There was no room for amateurs during the annual threshing season

About this time of year during our great-grandparents’ era, as “small grains” including oats, wheat, barley, and rye were rapidly ripening, the threshing season on area farms was just getting ready to begin.

Threshing outfits were too expensive for average farmers to buy on their own, and required far more labor to operate than a single farm could supply. Not that there weren’t a few individuals who owned them, of course. Irvin Moyer, who owned a machine shop that catered to local farmers at the intersection of U.S. Route 34 and Douglas Road here in Oswego Township, owned a threshing machine and a huge Aultman-Taylor gasoline-powered tractor. Moyer did custom threshing for many area farmers with his rig, as did Clarence Shoger from over Naperville way and Thad Seely on the west side of the Fox River.

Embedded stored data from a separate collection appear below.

Lemma le_bits_take i s t : le_bits s t -> le_bits (take i s) (take i t).
Proof.
move=> le_st j; case: (ltnP j i) => ji; first by rewrite !nth_take.
by rewrite nth_default // size_take; case: ltnP => // si; apply: leq_trans si ji.
Qed.

Lemma le_bits_drop i s t : le_bits s t -> le_bits (drop i s) (drop i t).
Proof. by move=> le_st j; rewrite !nth_drop. Qed.

Lemma le_bits_cat s1 s2 t1 t2 : size s1 = size t1 ->
  le_bits s1 t1 -> le_bits s2 t2 -> le_bits (s1 ++ s2) (t1 ++ t2).
Proof. by move=> eq_sz le1 le2 j; rewrite !nth_cat eq_sz; case: ifP. Qed.

Lemma le_bits_cons a b s t : a ==> b -> le_bits s t -> le_bits (a :: s) (b :: t).
Proof. by move=> le_ab le_st; case. Qed.

Definition hamming (s t : seq bool) := count (fun p => p.1 != p.2) (zip s t).

Lemma hamming_cat s1 s2 t1 t2 : size s1 = size t1 ->
  hamming (s1 ++ s2) (t1 ++ t2) = hamming s1 t1 + hamming s2 t2.
Proof. by move=> eq_sz; rewrite /hamming zip_cat // count_cat. Qed.

Lemma hamming_cons a b s t : hamming (a :: s) (b :: t) = (a != b) + hamming s t.
Proof. by []. Qed.

Lemma hamming_take_drop i s t : size s = size t ->
  hamming s t = hamming (take i s) (take i t) + hamming (drop i s) (drop i t).
Proof.
move=> eq_sz; rewrite -{1}(cat_take_drop i s) -{1}(cat_take_drop i t) hamming_cat //.
by rewrite !size_take eq_sz.
Qed.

But most farmers formed cooperative threshing rings of as few as four and up to a dozen farmers. Each member bought one or two shares in the ring and then participated in the annual harvest, with the threshing rig and the participating farmers and hired hands traveling from one farm to the next around the ring.

The Woolley Ring, for instance, operated on farms mostly located in School District 6 in the Woolley and Collins Road areas east of Oswego, while farmers on the Oswego Prairie along Wolf’s Crossing Road formed the East Oswego Ring. Farmers throughout the rest of Kendall County formed similar cooperatives in their neighborhoods.

1897 Harvey Threshing Ring

The Harvey Threshing Ring on the road to the next farm about 1900, with the steam traction engine pulling the ring’s threshing machine. Photo supplied by Dale Updike, Alberta, Canada, Little White School Museum Collection.

The East Oswego Ring owned an Aultman-Taylor threshing machine; a 20-40 Rumely Oil Pull kerosene-powered internal combustion tractor bought about 1918; a 100-foot drive belt; a canvas tarpaulin big enough to cover the threshing machine while it was stored between harvests; four big tarpaulins used to cover loads of grain in case of rain and overnight during the threshing process; and an equipment storage shed located on the Burkhart Farm. The engineer (who operated the tractor powering the threshing machine), the separator man (who operated the threshing machine itself), and the blowerman (who had to skillfully direct the flow of straw after it was stripped of grain kernels into neat straw stacks) were appointed at the ring’s annual meeting.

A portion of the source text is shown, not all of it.